What's the best way to have a calculated column that involves multiple tables in a transactional database?
Background
Our transactional MySQL database includes the fact tables like the following simplified model:
CREATE TABLE LU_PROJECT(
PROJECT_ID int,
PROJECT_DESC varchar(60)
);
CREATE TABLE F_PROJECT_BUDGET(
PROJECT_ID int,
BUDGET numeric(15, 2)
);
CREATE TABLE F_TASK_BUDGET(
TASK_ID int,
BUDGET numeric(15,2)
);
CREATE TABLE F_MONEY_USED(
REPORTED_TIME datetime,
TASK_ID int,
MONEY_USED numeric(15, 2)
);
Task
is a child of Project
. Task IDs are not unique, but project/task pairs are unique.
Requirements
We need to preserve the invariant that the total budget for all tasks for a project is <= the budget for a project.

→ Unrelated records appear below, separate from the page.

Lemma big_ix_supp (R : Type) (idx : R) (op : Monoid.com_law idx) (S : seq nat)
    (F : 'I_n -> R) :
  uniq S -> all (fun a => a < n)%N S ->
  (forall j : 'I_n, val j \notin S -> F j = idx) ->
  \big[op/idx]_(j < n) F j = \big[op/idx]_(a <- S) F (ix a).
Proof.
move=> uniq_S /allP S_n F_out.
have uniq_ixS : uniq (map ix S).
  rewrite map_inj_in_uniq // => a b /S_n /ixK + /S_n /ixK => + + eq_ab.
  by rewrite eq_ab => ->.
rewrite -(big_map ix predT) [RHS](big_uniq _ uniq_ixS) [RHS]big_mkcond.
apply: eq_bigr => j _; case: ifP => // /negbT j_out.
apply: F_out; apply: contra j_out => S_j; apply/mapP; exists (val j) => //.
by rewrite ix_val.
Qed.

(* Side [s] of A_k: the rows [rowB s i] read x_(colL s i) + x_(colR s i) = x_(colS s). *)
Definition colL (s : bool) (i : nat) : nat := ((if s then 0 else 2 * k) + i)%N.
Definition colR (s : bool) (i : nat) : nat := (colL s i + k)%N.
Definition colS (s : bool) : nat := (if s then 4 * k else (4 * k).+1)%N.
Definition rowB (s : bool) (i : nat) : nat := ((if s then 0 else k) + i)%N.

Variant col_spec (j : nat) : Prop :=
  | ColL s i of (i < k)%N & j = colL s i
  | ColR s i of (i < k)%N & j = colR s i
  | ColS s of j = colS s.

Lemma colP j : (j < n)%N -> col_spec j.
Proof.
move=> lt_j.
case: (ltnP j k) => [j_k|k_j]; first by apply: (@ColL _ true j).
case: (ltnP j (2 * k)%N) => [j_2k|k2_j].
  by apply: (@ColR _ true (j - k)); rewrite /colR /colL /=; lia.
case: (ltnP j (3 * k)%N) => [j_3k|k3_j].
  by apply: (@ColL _ false (j - 2 * k)%N); rewrite /colL /=; lia.
case: (ltnP j (4 * k)%N) => [j_4k|k4_j].
  by apply: (@ColR _ false (j - 3 * k)%N); rewrite /colR /colL /=; lia.
case: (ltnP j (4 * k)%N.+1) => ?; [apply: (@ColS _ true)|apply: (@ColS _ false)];
  by rewrite /colS; lia.
Qed.

Variant row_spec (r : 'I_N) : Prop :=
  | RowB s i of (i < k)%N & r = rx (rowB s i)
  | RowLast of r = rx (2 * k)%N.

Lemma rowP r : row_spec r.
Proof.
have lt_r := ltn_ord r.
have rxE a : (a < N)%N -> r = a :> nat -> r = rx a.
  by move=> lt_a eq_a; apply: val_inj; rewrite rxK.
case: (ltnP r k) => [r_k|k_r].
  by apply: (@RowB _ true r) => //; apply: rxE; rewrite /rowB /=; lia.
case: (ltnP r (2 * k)%N) => [r_2k|k2_r].
  by apply: (@RowB _ false (r - k)); [lia|apply: rxE; rewrite /rowB /=; lia].
by apply: RowLast; apply: rxE; lia.
Qed.

Lemma mulmx_Ak_row (w : 'cV[int]_n) s i : (i < k)%N ->
  (Ak k *m w) (rx (rowB s i)) 0 =
  coord w (colL s i) + coord w (colR s i) - coord w (colS s).
Proof.
move=> lt_i; rewrite mxE (@big_ix_supp _ _ _ [:: colL s i; colR s i; colS s]).
- rewrite !big_cons big_nil !mxE !rxK ?ixK /rowB /colR /colL /colS; try (case: s; lia).
  by case: s => /=; decide_nat_tests => /=; rewrite !mul1r mulN1r addr0 addrA.
- by rewrite /= /colR /colL /colS; case: s; rewrite /= ?inE; lia.
- by rewrite /= /colR /colL /colS; case: s; lia.
- move=> j; rewrite !inE !mxE rxK /rowB /colR /colL /colS; last by case: s; lia.
  by case: s => /=; decide_nat_tests; rewrite ?mul0r.
Qed.

Lemma mulmx_Ak_last (w : 'cV[int]_n) :
  (Ak k *m w) (rx (2 * k)%N) 0 = coord w (colS true) + coord w (colS false).
Proof.
rewrite mxE (@big_ix_supp _ _ _ [:: colS true; colS false]) /colS.
- rewrite !big_cons big_nil !mxE !rxK ?ixK; try lia.
  by decide_nat_tests => /=; rewrite !mul1r addr0.
- by rewrite /= inE; lia.
- by rewrite /=; lia.
- by move=> j; rewrite !inE !mxE rxK //; decide_nat_tests; rewrite ?mul0r.
Qed.

(* The fiber of e_(2k+1) consists of the vertices [vert s f]: x_(colS s) = 1
   and, for i < k, x_(colR s i) = f i, x_(colL s i) = ~~ f i; all other
   coordinates vanish. *)
Definition vcoord (s : bool) (f : nat -> bool) (j : nat) : bool :=
  (if j < k then s && ~~ f j
   else if j < 2 * k then s && f (j - k)
   else if j < 3 * k then ~~ s && ~~ f (j - 2 * k)
   else if j < 4 * k then ~~ s && f (j - 3 * k)
   else if j == 4 * k then s else ~~ s)%N.

Definition vert (s : bool) (f : nat -> bool) : 'cV[int]_n :=
  \col_(j < n) (vcoord s f j)%:Z.

Lemma vert_colL s s' f i : (i < k)%N ->
  coord (vert s f) (colL s' i) = ((s == s') && ~~ f i)%:Z.
Proof.
move=> lt_i; rewrite mxE ixK /vcoord /colL; last by case: s'; lia.
case: s' => /=; decide_nat_tests; first by rewrite add0n eqb_id.
by rewrite addKn eqbF_neg.
Qed.

Lemma vert_colR s s' f i : (i < k)%N ->
  coord (vert s f) (colR s' i) = ((s == s') && f i)%:Z.
Proof.
move=> lt_i; rewrite mxE ixK /vcoord /colR /colL; last by case: s'; lia.
case: s' => /=; decide_nat_tests; first by rewrite add0n addnK eqb_id.
by rewrite eqbF_neg (_ : 2 * k + i + k - 3 * k = i)%N //; lia.
Qed.

Lemma vert_colS s s' f : coord (vert s f) (colS s') = (s == s')%:Z.
Proof.
rewrite mxE ixK /vcoord /colS; last by case: s'; lia.
by case: s' => /=; decide_nat_tests; rewrite ?eqb_id ?eqbF_neg.
Qed.

Lemma vert_ext s f g : (forall i, (i < k)%N -> f i = g i) -> vert s f = vert s g.
Proof.
move=> eq_fg; apply/matrixP => j c; rewrite (ord1 c) -(ix_val j).
case: (colP (ltn_ord j)) => [s' i lt_i ->|s' i lt_i ->|s' ->];
  by rewrite ?vert_colL ?vert_colR ?vert_colS ?eq_fg.
Qed.

Local Notation V := (fiber (Ak k) (e_last k)).

Lemma fiber_vert s f : V (vert s f).
Proof.
split=> [j|]; first by rewrite mxE.
apply/matrixP => r c; rewrite (ord1 c) [RHS]mxE.
case: (rowP r) => [s' i lt_i ->|->].
- rewrite mulmx_Ak_row // vert_colL // vert_colR // vert_colS rxK /rowB; last by case: s'; lia.
  by case: s'; case: s; case: (f i) => /=; decide_nat_tests.
- rewrite mulmx_Ak_last !vert_colS rxK; try lia.
  by decide_nat_tests; case: s.
Qed.

Lemma fiber_vertP u : V u -> exists s f, u = vert s f.
Proof.
move=> [u_ge0 Au].
have row_eq s i : (i < k)%N -> coord u (colL s i) + coord u (colR s i) = coord u (colS s).
  move=> lt_i; move/matrixP: Au => /(_ (rx (rowB s i)) ord0).
  rewrite mulmx_Ak_row // mxE rxK /rowB; last by case: s; lia.
  by case: s => /=; decide_nat_tests; lia.
have last_eq : coord u (colS true) + coord u (colS false) = 1.
  move/matrixP: Au => /(_ (rx (2 * k)%N) ord0).
  by rewrite mulmx_Ak_last mxE rxK //; decide_nat_tests.
have [s side_s] : exists s : bool, coord u (colS true) = s%:Z /\ coord u (colS false) = (~~ s)%:Z.
  have := u_ge0 (ix (colS true)); have := u_ge0 (ix (colS false)).
  case: (eqVneq (coord u (colS true)) 0) => u_s; [exists false|exists true];
    by rewrite /nat_of_bool /negb; lia.
exists s, (fun i => coord u (colR s i) == 1).
apply/matrixP => j c; rewrite (ord1 c) -(ix_val j).
case: (colP (ltn_ord j)) => [s' i lt_i ->|s' i lt_i ->|s' ->];
  rewrite ?vert_colL ?vert_colR ?vert_colS //.
- have := row_eq s' i lt_i; have := u_ge0 (ix (colL s' i)); have := u_ge0 (ix (colR s' i)).
  by case: s s' side_s => [] [] /= [u_t u_f]; try case: eqP => /=; lia.
- have := row_eq s' i lt_i; have := u_ge0 (ix (colL s' i)); have := u_ge0 (ix (colR s' i)).
  by case: s s' side_s => [] [] /= [u_t u_f]; try case: eqP => /=; lia.
- by case: s s' side_s => [] [] /= [u_t u_f].
Qed.

(** * The reduced lex Groebner basis of A_k *)

Definition flip (f : nat -> bool) (i : nat) : nat -> bool := fun j => (j == i) (+) f j.

Lemma flipK f i : flip (flip f i) i =1 f.
Proof. by move=> j; rewrite /flip addbA addbb. Qed.

Definition flip_move (s : bool) (i : nat) : 'cV[int]_n :=
  \col_(j < n) ((j == colL s i :> nat)%:Z - (j == colR s i :> nat)%:Z).

Definition cross_move : 'cV[int]_n := vert true xpredT - vert false xpredT.

Lemma flip_move_coord s i j : (j < n)%N ->
  coord (flip_move s i) j = (j == colL s i)%:Z - (j == colR s i)%:Z.
Proof. by move=> lt_j; rewrite mxE ixK. Qed.

Lemma vert_sub_flip s f i : (i < k)%N -> ~~ f i ->
  vert s f - vert s (flip f i) = flip_move s i.
Proof.
move=> lt_i f_i; apply/matrixP => j c; rewrite (ord1 c) -(ix_val j).
rewrite coordB flip_move_coord //.
case: (colP (ltn_ord j)) => [s' i' lt_i' ->|s' i' lt_i' ->|s' ->];
  rewrite ?vert_colL ?vert_colR ?vert_colS // /flip /colR /colL /colS;
  case: s s' => [] [] /=; decide_nat_tests; try subst i';
  by rewrite /= ?(negbTE f_i) //; case: (f _).
Qed.

Lemma cross_move_colL s i : (i < k)%N -> coord cross_move (colL s i) = 0.
Proof. by move=> lt_i; rewrite coordB !vert_colL //; case: s. Qed.

Lemma cross_move_colR s i : (i < k)%N -> coord cross_move (colR s i) = if s then 1 else -1.
Proof. by move=> lt_i; rewrite coordB !vert_colR //; case: s. Qed.

Lemma cross_move_colS s : coord cross_move (colS s) = if s then 1 else -1.
Proof. by rewrite coordB !vert_colS; case: s. Qed.

Definition lex_moves : seq 'cV[int]_n :=
  cross_move :: [seq flip_move s i | s <- [:: true; false], i <- iota 0 k].

Variant lex_move_spec (w : 'cV[int]_n) : Prop :=
  | MoveCross of w = cross_move
  | MoveFlip s i of (i < k)%N & w = flip_move s i.

Lemma lex_movesP w : w \in lex_moves -> lex_move_spec w.
Proof.
rewrite inE => /orP [/eqP ->|/allpairsP [[s i] [_ /= + ->]]]; first exact: MoveCross.
by rewrite mem_iota add0n => lt_i; apply: MoveFlip lt_i _.
Qed.

Lemma flip_move_lex_moves s i : (i < k)%N -> flip_move s i \in lex_moves.
Proof.
move=> lt_i; rewrite inE; apply/orP; right; apply/allpairsP.
by exists (s, i); rewrite /= mem_iota; case: s.
Qed.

In addition, we often need to run a query that returns a result set with the following columns:
PROJECT_ID
, PROJET_DESC
, PROJECT_BUDGET
, TASK_COUNT
, PROJECT_MONEY_USED
Issues
We're concerned about performance. The simplest solution would require updates to hit three fact tables:
- Check that adding to
F_MONEY_USED
wouldn't put us over the budget for the task inF_TASK_BUDGET
. - Check that adding the money wouldn't put us over the total budget for the project
- Write to
F_MONEY_USED
.
And the query we need to get stats will hit three fact tables (in addition to lookup tables, not in the model above):
- Join
LU_PROJECT
toPROJECT_BUDGET
fromF_PROJECT_BUDGET
group byPROJECT_ID
- Join
LU_PROJECT
toF_TASK_BUDGET
to getTASK_COUNT
group byPROJECT_ID
- Join
LU_PROJECT
to F_MONEY_USED
to getPROJECT_MONEY_USED
group byPROJECT_ID
- JOIN
LU_PROJECT
to the intermediate results above and get thePROJECT_DESC
as well.
The problem is that that's a lot of joining and both reads and writes will happen frequently.
Potential Solution
One solution we are considering is to add a PROJECT_MONEY_USED
field to F_PROJECT_BUDGET
that will be updated on writes to F_TASK_BUDGET
. This will slow down writes but speed up reads.

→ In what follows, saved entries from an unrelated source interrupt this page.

Lemma half_eq_partner k i : k./2 = i./2 -> k = i \/ k = partner i.
Proof.
move=> eq_half; rewrite /partner.
move: (odd_double_half k) (odd_double_half i); rewrite eq_half.
set h := (i./2).*2.
by case: (odd i); case: (odd k) => /= <- <-; rewrite ?add0n ?add1n /=; auto.
Qed.

Section BlockMate.
Variables (m : nat) (b : bool).
Local Notation n := (dimA m b).

Lemma blk_leq_m i : (blk i <= m)%N = (i < m.*2)%N.
Proof. by rewrite /blk ltn_half_double. Qed.

Lemma partner_ltn_double i : (partner i < m.*2)%N = (i < m.*2)%N.
Proof. by rewrite -!ltn_half_double half_partner. Qed.

Lemma partner_ltn_dim (i : 'I_n) : (partner i < n)%N = (i < m.*2)%N.
Proof.
case lt_i: (i < m.*2)%N.
  by apply: leq_trans (leq_addr b _); rewrite partner_ltn_double.
move: lt_i (ltn_ord i) (odd_double_half i); rewrite /partner -ltn_half_double.
move: (nat_of_ord i) (i./2) => j h; case: (odd j) => /= <-; rewrite /dimA; lia.
Qed.

(* The other coordinate of the same block; the trailing coordinate is its own mate. *)
Definition mate (i : 'I_n) : 'I_n := insubd i (partner i).

Lemma val_mate (i : 'I_n) : val (mate i) = if (i < m.*2)%N then partner i else i.
Proof. by rewrite /mate val_insubd partner_ltn_dim. Qed.

Lemma blk_mate i : blk (mate i) = blk i.
Proof. by rewrite val_mate; case: ifP => // _; rewrite /blk half_partner. Qed.

Lemma mate_ltn_double (i : 'I_n) : (mate i < m.*2)%N = (i < m.*2)%N.
Proof. by rewrite val_mate; case: ifP => [|-> //]; rewrite partner_ltn_double. Qed.

Lemma mateK : involutive mate.
Proof.
move=> i; apply: val_inj; rewrite val_mate mate_ltn_double val_mate.
by case: ifP => lt_i; rewrite lt_i ?partnerK.
Qed.

Lemma odd_mate (i : 'I_n) : (i < m.*2)%N -> odd (mate i) = ~~ odd i.
Proof. by move=> lt_i; rewrite val_mate lt_i odd_partner. Qed.

Lemma mate_neq (i : 'I_n) : (i < m.*2)%N -> mate i != i.
Proof. by move=> lt_i; rewrite -val_eqE /= val_mate lt_i partner_neq. Qed.

Lemma mate_id (i : 'I_n) : ~~ (i < m.*2)%N -> mate i = i.
Proof. by move=> /negbTE ge_i; apply: val_inj; rewrite val_mate ge_i. Qed.

Lemma blk_eq_mate (k i : 'I_n) : (blk k == blk i) = (k == i) || (k == mate i).
Proof.
apply/idP/idP => [|/orP[] /eqP ->]; rewrite ?blk_mate //.
rewrite /blk eqSS => /eqP /half_eq_partner [eq_ki|eq_k].
  by rewrite (val_inj eq_ki) eqxx.
case lt_i: (i < m.*2)%N.
  by apply/orP; right; apply/eqP/val_inj; rewrite /= val_mate lt_i.
by have := partner_ltn_dim i; rewrite lt_i -eq_k ltn_ord.
Qed.

End BlockMate.

Lemma mulmx_subr_scalar (R : pzRingType) n (M : 'M[R]_n) (a : R) (x : 'cV[R]_n) i :
  ((M - a%:M) *m x) i 0 = (M *m x) i 0 - a * x i 0.
Proof. by rewrite mulmxBl mul_scalar_mx [LHS]mxE [X in _ + X]mxE [X in _ - X]mxE. Qed.

Section BlockDiagonal.
Variable R : realType.
Variables (m : nat) (b : bool) (c : nat -> R).
Local Notation n := (dimA m b).

(* Real part of the eigenvalues of block j. *)
Definition ceig (j : nat) : R := if (j <= m)%N then c j else 1.

(* |c_j + i s_j - a|^2 when c_j^2 + s_j^2 = 1 (see shift_gainE). *)
Definition shift_gain (j : nat) (a : R) : R := 1 - 2 * ceig j * a + a ^+ 2.

Definition offdiag (s : nat -> R) (i : nat) : R :=
  if odd i then - s (blk i) else s (blk i).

The solution will also introduce complexity and data integrity concerns, since the fact tables will no longer be "at the grain." That violates data warehousing principles, but I can't find out whether it's kosher for transactional databases.
The slowdown in writes may not be much of a concern if we can do optimistic rendering in the UI, but that introduces more complexity.
Other solutions considered
- For writes, we are considering using triggers to preserve the invariant.
- For reads, calculated columns looked promising, but they aren't allowed to hit multiple tables in MySQL.
- For reads, materialized views are probably not an option, the data needs to be fresh in real time.
Summary
Is there a better solution for doing our reads and writes in a safe, simple, and performant manner?